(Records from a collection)
[Start of section]
Lemma vertex_inj i j : (i < n)%nat -> (j < n)%nat -> vertex i = vertex j -> i = j.
Proof.
  intros Hi Hj Eq.
  destruct (classic (leaf i)) as [Li|Li]; destruct (classic (leaf j)) as [Lj|Lj];
    rewrite ?(vertex_leaf i), ?(vertex_not_leaf i), ?(vertex_leaf j), ?(vertex_not_leaf j) in Eq
      by auto.
  - destruct (leaf_point_in_cell i Hi Li) as [Ri _], (leaf_point_in_cell j Hj Lj) as [Rj _].
    apply (leaf_point_inj i j (leaf_reach i) (leaf_reach j)); auto; lra.
  - exfalso. destruct (leaf_point_in_cell i Hi Li) as [Ri _].
    apply (leaf_point_not_center i (leaf_reach i) j); auto; lra.
  - exfalso. destruct (leaf_point_in_cell j Hj Lj) as [Rj _].
    apply (leaf_point_not_center j (leaf_reach j) i); auto; lra.
  - destruct (Nat.eq_dec i j) as [|Hne]; auto. exfalso.
    apply (cells_disjoint i j (center i)); auto; [|rewrite Eq]; apply center_in_cell; auto.
Qed.

Lemma edge_arc_to_leaf i j s : (i < n)%nat -> (j < n)%nat -> ig_edge F i j -> leaf j ->
  host j = i /\ edge_arc i j s = leaf_point j (s * leaf_reach j).
Proof.
  intros Hi Hj [Hij HI] Lj. destruct (host_spec j Lj) as (Hh&Hhj&C).
  assert (Ei : i = host j) by (apply (host_unique j (host j) i); auto).
  destruct (host_of_leaf_not_leaf j Hj Lj) as [_ NLh].
  split; [auto|]. unfold edge_arc, arc_bend.
  destruct excluded_middle_informative as [_|N]; [|tauto].
  rewrite polyline_midpoint, (vertex_leaf j Lj), Ei, (vertex_not_leaf _ NLh).
  unfold seg, leaf_point; simpl; f_equal; ring.
Qed.
Lemma mulX_sum_Phi N (b : nat -> C) :
  (forall s, (s < N)%N -> alpha s != 0) -> b N = 0 ->
  'X * \sum_(s < N) b s *: Ph s =
  \sum_(s < N.+1) (b s / alpha s - (if (0 < s)%N then b s.-1 / alpha s.-1 else 0)) *: Ps s.
Proof.
move=> aN bN; rewrite mulr_sumr.
under eq_bigr => s _ do
  rewrite -scalerAr (mulX_Phi (aN _ (ltn_ord s))) scalerA scalerBr.
under [RHS]eq_bigr do rewrite scalerBl.
rewrite !sumrB big_ord_recr /= bN mul0r scale0r addr0 big_ord_recl /= scale0r add0r.
by congr (_ - _); apply: eq_bigr => i _; rewrite mulrC.
Qed.

End Szego.

Section Expansions.
Variables (C : numClosedFieldType) (alpha : nat -> C) (r : nat).
Local Notation a := (am1 alpha).
Local Notation rho j := (1 - `|am1 alpha j| ^+ 2).
Local Notation Ph := (Phi alpha).
Local Notation Ps := (Phi_star alpha).
Local Notation pre := (schroder_pre_sum alpha r).

Definition eta n s : C :=
  if n is 0 then
    if s == r then - ((a r)^*)^-1
    else if s.+1 == r then (1 - `|a r| ^+ 2) / (a r)^* else 0
  else - ((a s)^*)^-1 * schroder_sum alpha n r s.

Lemma eta_pos n s : (0 < n)%N -> eta n s = - ((a s)^*)^-1 * schroder_sum alpha n r s.
Proof. by case: n. Qed.

Lemma eta_eq0 n s : (n + r < s)%N -> eta n s = 0.
Proof.
case: n => [|n] rs /=; last by rewrite schroder_sum_eq0 ?mulr0.
by rewrite !gtn_eqF // ltnW.
Qed.

Lemma conjC_eta0 s : (eta 0 s)^* =
  if s == r then - (a r)^-1 else if s.+1 == r then rho r / a r else 0.
Proof.
rewrite /eta /=; case: ifP => _; first by rewrite rmorphN fmorphV /= conjCK.
by case: ifP => _; rewrite ?rmorph0 // rmorphM fmorphV /= conjCK conjC_rho.
Qed.

Lemma conjC_eta_succ m s : (forall i, (i <= m.+1 + r)%N -> alpha i != 0) ->
  (s <= m.+1 + r)%N ->
  (eta m.+1 s)^* = (pre m s)^* / alpha s
                   - (if (0 < s)%N then (pre m s.-1)^* / alpha s.-1 else 0).
Proof.
move=> anz sN; rewrite /eta schroder_sumS /step_wt.
have as0 : alpha s != 0 by apply: anz.
case: s sN as0 => [|s] sN as0 /=.
  rewrite !(rmorphM, rmorphN, rmorphD, fmorphV, rmorphN1) /= !conjCK rmorph0.
  by field.
have as1 : alpha s != 0 by apply: anz; lia.
rewrite !(rmorphM, rmorphN, rmorphD, fmorphV) /= !conjCK.
by field; apply/andP.
Qed.

Lemma conjC_eta_split m s : (0 < m)%N ->
  (forall i, (i <= m + r)%N -> alpha i != 0) -> (s <= m + r)%N ->
  (eta m s)^* = - (pre m s)^* / a s - rho s.+1 * (- (pre m s.+1)^* / a s.+1).
Proof.
move=> m0 anz sN; rewrite eta_pos //.
have -> : schroder_sum alpha m r s = pre m s - pre m s.+1 * step_wt alpha s.+1 SD.
  by rewrite (@schroder_pre_sum_split _ alpha r m s m0) addrK.
have as0 : a s != 0 by apply: (am1_neq0 anz); lia.
have as1 : alpha s != 0 by apply: anz.
rewrite /step_wt /= !(rmorphM, rmorphN, fmorphV) rmorphB !(rmorphM, fmorphV) /= conjC_rho !conjCK.
by field; apply/andP.
Qed.

Lemma mulX_sum_pre_Phi m : (forall i, (i <= m.+1 + r)%N -> alpha i != 0) ->
  'X * \sum_(s < (m + r).+1) (pre m s)^* *: Ph s =
  \sum_(s < (m.+1 + r).+1) (eta m.+1 s)^* *: Ps s.
Proof.
move=> anz; rewrite (@mulX_sum_Phi _ alpha _ (fun s => (pre m s)^*)) => [|s sN|]; first last.
- by rewrite schroder_pre_sum_eq0 ?rmorph0.
- by apply: anz; lia.
by apply: eq_bigr => s _; rewrite conjC_eta_succ // -ltnS.
Qed.

Lemma sum_eta_Phi_star m : (0 < m)%N -> (forall i, (i <= m + r)%N -> alpha i != 0) ->
  \sum_(s < (m + r).+1) (eta m s)^* *: Ps s = \sum_(s < (m + r).+1) (pre m s)^* *: Ph s.
Proof.
move=> m0 anz; pose T j := - (pre m j)^* / a j.
rewrite (eq_bigr (fun s : 'I_ _ => (T s - rho s.+1 * T s.+1) *: Ps s)) => [|s _]; last first.
  by rewrite conjC_eta_split // -ltnS.
rewrite sum_Phi_star_abel [T _.+1]/T schroder_pre_sum_eq0 ?rmorph0; last lia.
rewrite oppr0 !mul0r mulr0 scale0r subr0 -sumrN; apply: eq_bigr => s _.
have as0 := am1_neq0 anz (ltnW (ltn_ord s)).
by rewrite /T -scaleNr; congr (_ *: _); field.
Qed.

Lemma mulXn_Phi_in_Phi m : (forall i, (i <= m + r)%N -> alpha i != 0) ->
  'X^m * Ph r = \sum_(s < (m + r).+1) (pre m s)^* *: Ph s.
Proof.
elim: m => [|m IH] anz.
  rewrite expr0 mul1r add0n big_ord_recr /= schroder_pre_sum0 eqxx rmorph1 scale1r.
  rewrite big1 ?add0r // => s _.
  by rewrite schroder_pre_sum0 ltn_eqF // rmorph0 scale0r.
rewrite exprS -mulrA IH => [|i iN]; last by apply: anz; lia.
by rewrite mulX_sum_pre_Phi // -sum_eta_Phi_star.
Qed.

Lemma mulXn_Phi_in_Phi_star n : (forall i, (i <= n + r)%N -> alpha i != 0) ->
  'X^n * Ph r = \sum_(s < (n + r).+1) (eta n s)^* *: Ps s.
Proof.
case: n => [|m] anz.
  rewrite expr0 mul1r add0n (Phi_in_Phi_star (am1_neq0 anz _)) ?leqW //.
  by apply: eq_bigr => s _; rewrite conjC_eta0.
rewrite exprS -mulrA mulXn_Phi_in_Phi => [|i iN]; last by apply: anz; lia.
exact: mulX_sum_pre_Phi.
Qed.

End Expansions.

Theorem proposition5p3 (C : numClosedFieldType) (alpha : nat -> C)
  (n r : nat) (c : nat -> C)
  (Hlt : forall k, `|alpha k| < 1)
  (Hnz : forall i, (i <= n + r)%N -> alpha i != 0)
  (Hc : 'X^n * Phi alpha r = \sum_(s < (n + r).+1) c s *: Phi_star alpha s)
  (Hc0 : forall s, (n + r < s)%N -> c s = 0)
  (s : nat) :
  ((0 < n)%N -> (c s)^* = - ((am1 alpha s)^*)^-1 * schroder_sum alpha n r s)
  /\
  (n = 0%N -> (c s)^* =
     if s == r then - ((am1 alpha r)^*)^-1
     else if s.+1 == r then (1 - `|am1 alpha r| ^+ 2) / (am1 alpha r)^*
     else 0).
Proof.
have diff0 : \sum_(j < (n + r).+1) (c j - (eta alpha r n j)^*) *: Phi_star alpha j = 0.
  by under eq_bigr do rewrite scalerBl; rewrite sumrB -Hc mulXn_Phi_in_Phi_star // subrr.
have c_eta : c s = (eta alpha r n s)^*.
  have [nrs|sN] := ltnP (n + r) s; first by rewrite Hc0 // eta_eq0 // rmorph0.
  apply/eqP; rewrite -subr_eq0; apply/eqP.
  move: s sN; apply: (triangular_sum_eq0 _ diff0) => j jN.
  split; first exact: size_Phi_star.
  by rewrite coef_Phi_star_deg oppr_eq0 (am1_neq0 Hnz (leqW jN)).
by rewrite c_eta conjCK; split => [/eta_pos|->].
Qed.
[End of section]
■ Problem to solve ■
Go to the line with "have as1 : alpha s != 0 by apply: anz; lia." in the entries above and repeat every line from there through the line with "move=> m0 anz sN; rewrite eta_pos //.", exactly and with no other text.

■ Reply to the task ■
have as1 : alpha s != 0 by apply: anz; lia.
rewrite !(rmorphM, rmorphN, rmorphD, fmorphV) /= !conjCK.
by field; apply/andP.
Qed.

Lemma conjC_eta_split m s : (0 < m)%N ->
  (forall i, (i <= m + r)%N -> alpha i != 0) -> (s <= m + r)%N ->
  (eta m s)^* = - (pre m s)^* / a s - rho s.+1 * (- (pre m s.+1)^* / a s.+1).
Proof.
move=> m0 anz sN; rewrite eta_pos //.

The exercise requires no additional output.